## Work item
Write out, from the entries below, exactly the lines that run between the lines holding "have maxJF A" and "apply/setP => e;", inclusive, and stop there.

## Excerpts from a dataset
=== Section Start ===
(* In the setting described in the context (no inter-cell interference), suppose the target rates $R_k,R_{\tilde k}>0$ satisfy $$R_{\tilde k}<\log_2\left(1+\frac{\beta_{\tilde k}^2|\mu_k|^2}{\sum_{i=1}^K|\boldsymbol\psi_i^{\mathrm H}\boldsymbol\nu_1|^2+\beta_k^2\beta_{\tilde k}^2|\mu_k|^2+\frac{\sigma_k^2}{P\ell(d_k)}}\right),\qquad R_k<\log_2\left(1+\frac{|\mu_k|^2\beta_k^2}{\sum_{i=1}^K|\boldsymbol\psi_i^{\mathrm H}\boldsymbol\nu_2|^2+\frac{\sigma_k^2}{P\ell(d_k)}}\right).$$ Then the near-user outage probability $$p_k=\Pr\left(\log_2(1+\mathrm{SINR}_{k\to\tilde k})<R_{\tilde k}\ \text{ or }\ \log_2(1+\mathrm{SINR}_k)<R_k\right)$$ tends to $0$ as $\sigma_h^2\to0$ (equivalently, as the channel K factor $\mathcal K=\|\hat{\mathbf H}\|_F^2/(\sigma_h^2\mathrm{Tr}(\mathbf R_t)\mathrm{Tr}(\mathbf R_r))\to\infty$), with all other quantities held fixed.
   Context: Let $K\le\min\{M,N\}$ be positive integers and $k\in\{1,\dots,K\}$. Fix $\hat{\mathbf H}\in\mathbb C^{N\times M}$, Hermitian positive definite $\mathbf R_r\in\mathbb C^{N\times N}$, $\mathbf R_t\in\mathbb C^{M\times M}$, and $\sigma_h^2>0$; the estimation error is $\mathbf E=\mathbf R_r^{1/2}\mathbf E_w\mathbf R_t^{1/2}$ with $\mathrm{vec}(\mathbf E_w)\sim\mathcal{CN}(\mathbf 0,\sigma_h^2\mathbf I_{NM})$. Fix $\mathbf V=(\mathbf v_1,\dots,\mathbf v_K)\in\mathbb C^{M\times K}$ with $\|\mathbf v_i\|=1$, a nonzero receive filter $\mathbf u\in\mathbb C^N$ of the near user $k$, coefficients $\beta_k,\beta_{\tilde k}\ge0$ with $\beta_k^2+\beta_{\tilde k}^2=1$, $P>0$, $d_k>0$, $\ell(d)=d^{-\alpha}$ with $\alpha>2$, $\sigma^2\ge0$, and $\sigma_k^2=\sigma^2\|\mathbf u\|^2$. With no inter-cell interference, the SINR for decoding the far user's message at user $k$ (SIC step) and for decoding its own message are $$\mathrm{SINR}_{k\to\tilde k}=\frac{P\ell(d_k)|\mathbf u^{\mathrm H}\hat{\mathbf H}\mathbf v_k|^2\beta_{\tilde k}^2}{P\ell(d_k)\left(|\mathbf u^{\mathrm H}\mathbf E\mathbf v_k|^2\beta_{\tilde k}^2+|\mathbf u^{\mathrm H}(\hat{\mathbf H}+\mathbf E)\mathbf v_k|^2\beta_k^2+\sum_{i\ne k}|\mathbf u^{\mathrm H}(\hat{\mathbf H}+\mathbf E)\mathbf v_i|^2\right)+\sigma_k^2},$$ $$\mathrm{SINR}_k=\frac{P\ell(d_k)|\mathbf u^{\mathrm H}\hat{\mathbf H}\mathbf v_k|^2\beta_k^2}{P\ell(d_k)\left(|\mathbf u^{\mathrm H}\mathbf E\mathbf v_k|^2+\sum_{i\ne k}|\mathbf u^{\mathrm H}(\hat{\mathbf H}+\mathbf E)\mathbf v_i|^2\right)+\sigma_k^2}.$$ Define $\mu_i=\mathbf u^{\mathrm H}\hat{\mathbf H}\mathbf v_i$, $\boldsymbol\nu_1=(\mu_1,\dots,\mu_{k-1},\beta_k^2\mu_k,\mu_{k+1},\dots,\mu_K)^{\mathrm T}$, $\boldsymbol\nu_2=(\mu_1,\dots,\mu_{k-1},0,\mu_{k+1},\dots,\mu_K)^{\mathrm T}$, and $\boldsymbol\Sigma=\sigma_h^2(\mathbf u^{\mathrm H}\mathbf R_r\mathbf u)(\mathbf V^{\mathrm H}\mathbf R_t\mathbf V)^{\mathrm T}$ (the covariance of $(\mathbf u^{\mathrm H}\mathbf E\mathbf V)^{\mathrm T}$) with eigendecomposition $\boldsymbol\Sigma=\boldsymbol\Psi\boldsymbol\Delta\boldsymbol\Psi^{\mathrm H}$, $\boldsymbol\Psi=(\boldsymbol\psi_1,\dots,\boldsymbol\psi_K)$ unitary. *)

From HB Require Import structures.
From mathcomp Require Import all_boot all_order all_algebra.
From mathcomp Require Import all_classical all_reals all_analysis.
From mathcomp Require Import complex.

Set Implicit Arguments.
Unset Strict Implicit.
Unset Printing Implicit Defensive.

Import Order.TTheory GRing.Theory Num.Theory.
Local Open Scope ring_scope.
Local Open Scope classical_set_scope.

Section Defs.
Variable R : realType.
Local Notation C := (R[i]).

Definition adjmx m n (A : 'M[C]_(m, n)) : 'M[C]_(n, m) := (map_mx (@conjc R) A)^T.
Lemma sqnorm_ract f v : finsupp v -> sqnorm (ract f v) <= act_bound f * sqnorm v.
Proof.
  intros Hv. unfold sqnorm.
  set (F := fun p g => v (mul g (inv (fst p))) ^ 2 * IZR (snd p) ^ 2).
  assert (HF : forall p, In p f -> finsupp (F p))
    by (intros; apply fs_mul_r, fs_sq, fs_rshift; auto).
  apply Rle_trans with (fsum (fun g => INR (length f) * sumR (map (fun p => F p g) f))).
  - apply fsum_le; [apply fs_sq, fs_ract; auto| apply fs_mul_l, fs_sumlist; auto|].
    intros g. unfold ract, l2_act. eapply Rle_trans; [apply sq_sum_le|].
    right; f_equal; apply sumR_ext; intros; unfold F; ring.
  - rewrite fsum_scal, fsum_sumlist by (auto using fs_sumlist).
    unfold act_bound. rewrite Rmult_assoc. right; f_equal.
    rewrite Rmult_comm, <- sumR_scal. apply sumR_ext; intros p _. unfold F.
    rewrite (fsum_ext _ (fun g => IZR (snd p) ^ 2 * (fun x => v x ^ 2) (mul g (inv (fst p)))))
      by (intros; ring).
    assert (Hsq : finsupp (fun x => v x ^ 2)) by (apply fs_sq; auto).
    rewrite fsum_scal, (fsum_rshift (fst p) (fun x => v x ^ 2)); [ring|auto|].
    apply (fs_rshift (fst p) (fun x => v x ^ 2)); auto.
Qed.

Definition coeffR (x : ZG G) (g : G) : R := IZR (coeff x g).

Lemma coeffR_eq (x : ZG G) g :
  coeffR x g = sumR (map (fun p => if pb (fst p = g) then IZR (snd p) else 0) x).
Proof. unfold coeffR, coeff. induction x; simpl; auto. rewrite plus_IZR, IHx. destruct pb; auto. Qed.

Lemma coeffR_app (x y : ZG G) g : coeffR (x ++ y) g = coeffR x g + coeffR y g.
Proof. rewrite !coeffR_eq, map_app, sumR_app; auto. Qed.

Lemma coeffR_sub (x y : ZG G) g : coeffR (zg_sub x y) g = coeffR x g - coeffR y g.
Proof.
  unfold zg_sub, zg_add. rewrite coeffR_app. unfold Rminus. f_equal.
  unfold coeffR, zg_opp, coeff. induction y as [|a y IH]; simpl; [ring|].
  rewrite !plus_IZR, IH. destruct pb; rewrite ?opp_IZR; ring.
Qed.

Lemma coeffR_lact d (x : ZG G) g : coeffR (zg_lact mul d x) g = coeffR x (mul (inv d) g).
Proof.
  rewrite !coeffR_eq. unfold zg_lact. rewrite map_map. apply sumR_ext; intros p _; simpl.
  unfold pb. destruct excluded_middle_informative as [H1|H1];
    destruct excluded_middle_informative as [H2|H2]; auto; exfalso.
  - apply H2. rewrite <- H1, cancel_inv_l; auto.
  - apply H1. rewrite H2. apply cancel_l_inv.
Qed.

Lemma coeffR_mul (x : ZG G) f g : coeffR (zg_mul mul x f) g = ract f (coeffR x) g.
Proof.
  unfold zg_mul, ract, l2_act.
  transitivity (sumR (map (fun p => sumR (map (fun q =>
    if pb (mul (fst p) (fst q) = g) then IZR (snd p * snd q) else 0) f)) x)).
  { induction x as [|p x IH]; simpl; [rewrite coeffR_eq; auto|].
    rewrite coeffR_app, IH. f_equal. rewrite coeffR_eq, map_map. auto. }
  rewrite sumR_exchange. apply sumR_ext; intros q _.
  rewrite coeffR_eq, Rmult_comm, <- sumR_scal. apply sumR_ext; intros p _.
  rewrite mult_IZR. unfold pb. destruct excluded_middle_informative as [H1|H1];
    destruct excluded_middle_informative as [H2|H2]; try ring; exfalso.
  - apply H2. rewrite <- H1, cancel_r_inv; auto.
  - apply H1. rewrite H2. apply cancel_inv_r.
Qed.

Lemma fs_coeffR (x : ZG G) : finsupp (coeffR x).
Proof.
  exists (map fst x). intros g H. unfold coeffR, coeff in H. induction x as [|p x IH]; simpl in *.
  - lra.
  - unfold pb in H. destruct excluded_middle_informative; [left; auto|].
    right; apply IH. rewrite Z.add_0_l in H. auto.
Qed.
(* Let $d\ge1$ and $n\ge d+2$ be integers, and let $M$ be a $K_{d+2}$-matroid on $E(K_n)$. Then the rank of $M$ is at most $dn-\binom{d+1}{2}$.
   Context: A $K_{d+2}$-matroid on $E(K_n)$ is a matroid on the edge set of the complete graph $K_n$ in which the edge set of every copy of $K_{d+2}$ in $K_n$ is a circuit. *)

From mathcomp Require Import all_boot.
Set Implicit Arguments. Unset Strict Implicit. Unset Printing Implicit Defensive.

Definition edges_Kn (n : nat) : {set {set 'I_n}} :=
  [set e : {set 'I_n} | #|e| == 2].

Definition is_matroid (T : finType) (E : {set T}) (indep : {set T} -> bool) : Prop :=
  [/\ (forall A : {set T}, indep A -> A \subset E),
      indep set0,
      (forall A B : {set T}, indep B -> A \subset B -> indep A) &
      (forall A B : {set T}, indep A -> indep B -> #|A| < #|B| ->
         exists2 x, x \in B :\: A & indep (x |: A))].

Definition is_circuit (T : finType) (E : {set T}) (indep : {set T} -> bool)
  (C : {set T}) : Prop :=
  [/\ C \subset E, ~~ indep C & (forall D : {set T}, D \proper C -> indep D)].

Definition clique_edges (n : nat) (S : {set 'I_n}) : {set {set 'I_n}} :=
  [set e in edges_Kn n | e \subset S].

Definition is_Kmatroid (d n : nat) (indep : {set {set 'I_n}} -> bool) : Prop :=
  is_matroid (edges_Kn n) indep /\
  (forall S : {set 'I_n}, #|S| = d.+2 -> is_circuit (edges_Kn n) indep (clique_edges S)).

Definition mrank (T : finType) (indep : {set T} -> bool) : nat :=
  \max_(A : {set T} | indep A) #|A|.

From mathcomp Require Import all_boot zify.
Set Implicit Arguments. Unset Strict Implicit. Unset Printing Implicit Defensive.

(* Fix a d-set S of vertices. Every edge x avoiding S lies in the copy of
   K_{d+2} on S ∪ x, a circuit all of whose other edges meet S; so the edges
   meeting S span the matroid, and a spanning set bounds the rank. There are
   C(n,2) - C(n-d,2) = dn - C(d+1,2) such edges. *)

Section MatroidSpan.

Variables (T : finType) (E : {set T}) (indep : {set T} -> bool).
Hypothesis indep_matroid : is_matroid E indep.

Lemma maxcard_indep_setU1_dep (F J C : {set T}) (x : T) :
  indep J -> J \subset F ->
  (forall A, indep A -> A \subset F -> #|A| <= #|J|) ->
  is_circuit E indep C -> x \in C -> C :\ x \subset F -> x \notin J ->
  ~~ indep (x |: J).
Proof.
have [_ _ indep_sub indep_aug] := indep_matroid.
move=> indJ JF maxJ [_ depC indC_proper] xC CxF xNJ; apply/negP => indxJ.
pose P A := [&& indep A, C :\ x \subset A & A \subset F].
have PCx : P (C :\ x) by rewrite /P indC_proper ?properD1 // subxx CxF.
have [K /and3P[indK CxK KF] maxK] := arg_maxnP (fun A : {set T} => #|A|) PCx.
have ltKxJ : #|K| < #|x |: J| by rewrite cardsU1 xNJ ltnS maxJ.
have [y /setDP[yxJ yNK] indyK] := indep_aug _ _ indK indxJ ltKxJ.
have [eq_yx | neq_yx] := eqVneq y x.
  move: depC; rewrite (indep_sub _ (y |: K)) //.
  by rewrite eq_yx -{1}(setD1K xC) setUS.
have yF : y \in F by apply: (subsetP JF); rewrite -(setU1K xNJ) in_setD1 neq_yx.
have /maxK : P (y |: K).
  by rewrite /P indyK (subset_trans CxK (subsetUr _ _)) subUset sub1set yF KF.
by rewrite /= cardsU1 yNK add1n ltnn.
Qed.

Lemma mrank_le_spanning (F : {set T}) :
  (forall x, x \in E :\: F ->
     exists2 C, is_circuit E indep C & (x \in C) && (C :\ x \subset F)) ->
  mrank indep <= #|F|.
Proof.
have [indep_E indep0 _ indep_aug] := indep_matroid.
move=> spanF; apply/bigmax_leqP => I indI.
pose P A := indep A && (A \subset F).
have P0 : P set0 by rewrite /P indep0 sub0set.
have [J /andP[indJ JF] maxJ] := arg_maxnP (fun A : {set T} => #|A|) P0.
apply: leq_trans (subset_leq_card JF); rewrite leqNgt; apply/negP => ltJI.
have [x /setDP[xI xNJ] indxJ] := indep_aug _ _ indJ indI ltJI.
have maxJF A : indep A -> A \subset F -> #|A| <= #|J|.
  by move=> indA AF; apply: maxJ; rewrite /P indA AF.
have [xF | xNF] := boolP (x \in F).
  have : #|x |: J| <= #|J| by apply: maxJF; rewrite // subUset sub1set xF.
  by rewrite cardsU1 xNJ add1n ltnn.
have xE : x \in E by apply: (subsetP (indep_E _ indI)).
have /spanF[C circC /andP[xC CxF]] : x \in E :\: F by rewrite inE xNF xE.
by have := maxcard_indep_setU1_dep indJ JF maxJF circC xC CxF xNJ; rewrite indxJ.
Qed.

End MatroidSpan.

Lemma exists_set_card (T : finType) (k : nat) :
  k <= #|T| -> exists S : {set T}, #|S| = k.
Proof.
move=> le_kT.
have : 0 < #|[set S : {set T} | #|S| == k]| by rewrite card_draws bin_gt0.
by case/card_gt0P => S; rewrite inE => /eqP; exists S.
Qed.

Lemma bin2_sub (n d : nat) :
  d <= n -> 'C(n, 2) - 'C(n - d, 2) = d * n - 'C(d.+1, 2).
Proof.
have bin2D k m : 'C(m + k, 2) + 'C(k.+1, 2) = 'C(m, 2) + k * (m + k).
  elim: k => [|k IH]; first by rewrite addn0.
  by rewrite addnS !binS !bin1 bin0 in IH *; nia.
by move=> /subnK def_n; have := bin2D d (n - d); rewrite def_n; lia.
Qed.

Section CompleteGraph.

Variable n : nat.

Definition edges_meeting (S : {set 'I_n}) : {set {set 'I_n}} :=
  [set e in edges_Kn n | ~~ [disjoint e & S]].

Lemma card_clique_edges (S : {set 'I_n}) : #|clique_edges S| = 'C(#|S|, 2).
Proof.
by rewrite -cards_draws; apply: eq_card => e; rewrite !inE andbC.
Qed.

Lemma card_edges_meeting (S : {set 'I_n}) :
  #|edges_meeting S| = 'C(n, 2) - 'C(n - #|S|, 2).
Proof.
have -> : edges_meeting S = edges_Kn n :\: clique_edges (~: S).
  apply/setP => e; rewrite !inE disjoints_subset.
  by case: (#|e| == 2); case: (e \subset ~: S).
have clique_sub : clique_edges (~: S) \subset edges_Kn n.
  by apply/subsetP => e; rewrite inE => /andP[].
rewrite cardsD (setIidPr clique_sub) card_clique_edges /edges_Kn card_draws.
by rewrite [#|~: S|]cardsCs setCK card_ord.
Qed.

Lemma edge_avoiding_clique (S x : {set 'I_n}) :
  x \in edges_Kn n :\: edges_meeting S ->
  [/\ #|S :|: x| = #|S| + 2, x \in clique_edges (S :|: x)
    & clique_edges (S :|: x) :\ x \subset edges_meeting S].
Proof.
rewrite inE => /andP[]; rewrite inE => /nandP[/negP // | /negbNE disj_xS] xE.
have x2 : #|x| = 2 by move: xE; rewrite inE => /eqP.
split.
- by rewrite cardsU x2 setIC (disjoint_setI0 disj_xS) cards0 subn0.
- by rewrite inE xE subsetUr.
apply/subsetP => e; rewrite !inE => /and3P[neq_ex e2 eSx].
rewrite e2 /=; apply: contra neq_ex => disj_eS.
rewrite eqEcard x2 (eqP e2) leqnn andbT; apply/subsetP => i ei.
by move/subsetP/(_ i ei): eSx; rewrite in_setU (disjointFr disj_eS ei).
Qed.

End CompleteGraph.

Theorem lemma4p1 (d n : nat) (indep : {set {set 'I_n}} -> bool) :
  1 <= d -> d + 2 <= n -> @is_Kmatroid d n indep ->
  mrank indep <= d * n - 'C(d.+1, 2).
Proof.
move=> _ le_d2_n [matroid_indep Kd2_circuit].
have [S cardS] : exists S : {set 'I_n}, #|S| = d.
  by apply: exists_set_card; rewrite card_ord; lia.
rewrite -bin2_sub; last by lia.
rewrite -cardS -card_edges_meeting.
apply: (mrank_le_spanning matroid_indep) => x xNS.
have [cardSx xSx SxS] := edge_avoiding_clique xNS.
exists (clique_edges (S :|: x)); last by rewrite xSx SxS.
by apply: Kd2_circuit; rewrite cardSx cardS addn2.
Qed.
(* Let $M\colon[0,\infty)\times[0,\infty)\to[0,\infty)$ be symmetric and moderately increasing, suppose $\rho_M(x,y)=\dfrac{|x-y|}{M(|x|,|y|)}$ is a metric on $\mathbb{R}^n$, and suppose that for each $x$ the function $M(x,\cdot)$ is of class $C^2$ on $(0,\infty)$. Then $\rho_M$ is locally convex.
   Context: Convention $0/0=0$. A function $f\colon[0,\infty)\to[0,\infty)$ is moderately increasing if it is increasing and $f(t)/t$ is decreasing; $M$ is moderately increasing if $M(x,\cdot)$ and $M(\cdot,x)$ are moderately increasing for each fixed $x$. A metric $d$ is locally convex if for every $x$ there is $r_0>0$ such that the ball $\{y: d(x,y)<r\}$ is (Euclidean) convex for every $0<r<r_0$. *)

From HB Require Import structures.
From mathcomp Require Import all_boot all_order all_algebra.
From mathcomp Require Import all_classical all_reals all_analysis.
Set Implicit Arguments. Unset Strict Implicit. Unset Printing Implicit Defensive.
Import Order.TTheory GRing.Theory Num.Theory.
Import numFieldNormedType.Exports.
Local Open Scope ring_scope.
Local Open Scope classical_set_scope.

Section Defs.
Variable R : realType.

Definition enorm (n : nat) (v : 'rV[R]_n) : R :=
  Num.sqrt (\sum_(i < n) (v ord0 i) ^+ 2).

Definition moderately_increasing (f : R -> R) : Prop :=
  (forall s t, 0 <= s -> s <= t -> f s <= f t) /\
  (forall s t, 0 < s -> s <= t -> f t / t <= f s / s).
=== Section End ===
## Output
have maxJF A : indep A -> A \subset F -> #|A| <= #|J|.
  by move=> indA AF; apply: maxJ; rewrite /P indA AF.
have [xF | xNF] := boolP (x \in F).
  have : #|x |: J| <= #|J| by apply: maxJF; rewrite // subUset sub1set xF.
  by rewrite cardsU1 xNJ add1n ltnn.
have xE : x \in E by apply: (subsetP (indep_E _ indI)).
have /spanF[C circC /andP[xC CxF]] : x \in E :\: F by rewrite inE xNF xE.
by have := maxcard_indep_setU1_dep indJ JF maxJF circC xC CxF xNJ; rewrite indxJ.
Qed.

End MatroidSpan.

Lemma exists_set_card (T : finType) (k : nat) :
  k <= #|T| -> exists S : {set T}, #|S| = k.
Proof.
move=> le_kT.
have : 0 < #|[set S : {set T} | #|S| == k]| by rewrite card_draws bin_gt0.
by case/card_gt0P => S; rewrite inE => /eqP; exists S.
Qed.

Lemma bin2_sub (n d : nat) :
  d <= n -> 'C(n, 2) - 'C(n - d, 2) = d * n - 'C(d.+1, 2).
Proof.
have bin2D k m : 'C(m + k, 2) + 'C(k.+1, 2) = 'C(m, 2) + k * (m + k).
  elim: k => [|k IH]; first by rewrite addn0.
  by rewrite addnS !binS !bin1 bin0 in IH *; nia.
by move=> /subnK def_n; have := bin2D d (n - d); rewrite def_n; lia.
Qed.

Section CompleteGraph.

Variable n : nat.

Definition edges_meeting (S : {set 'I_n}) : {set {set 'I_n}} :=
  [set e in edges_Kn n | ~~ [disjoint e & S]].

Lemma card_clique_edges (S : {set 'I_n}) : #|clique_edges S| = 'C(#|S|, 2).
Proof.
by rewrite -cards_draws; apply: eq_card => e; rewrite !inE andbC.
Qed.

Lemma card_edges_meeting (S : {set 'I_n}) :
  #|edges_meeting S| = 'C(n, 2) - 'C(n - #|S|, 2).
Proof.
have -> : edges_meeting S = edges_Kn n :\: clique_edges (~: S).
  apply/setP => e; rewrite !inE disjoints_subset.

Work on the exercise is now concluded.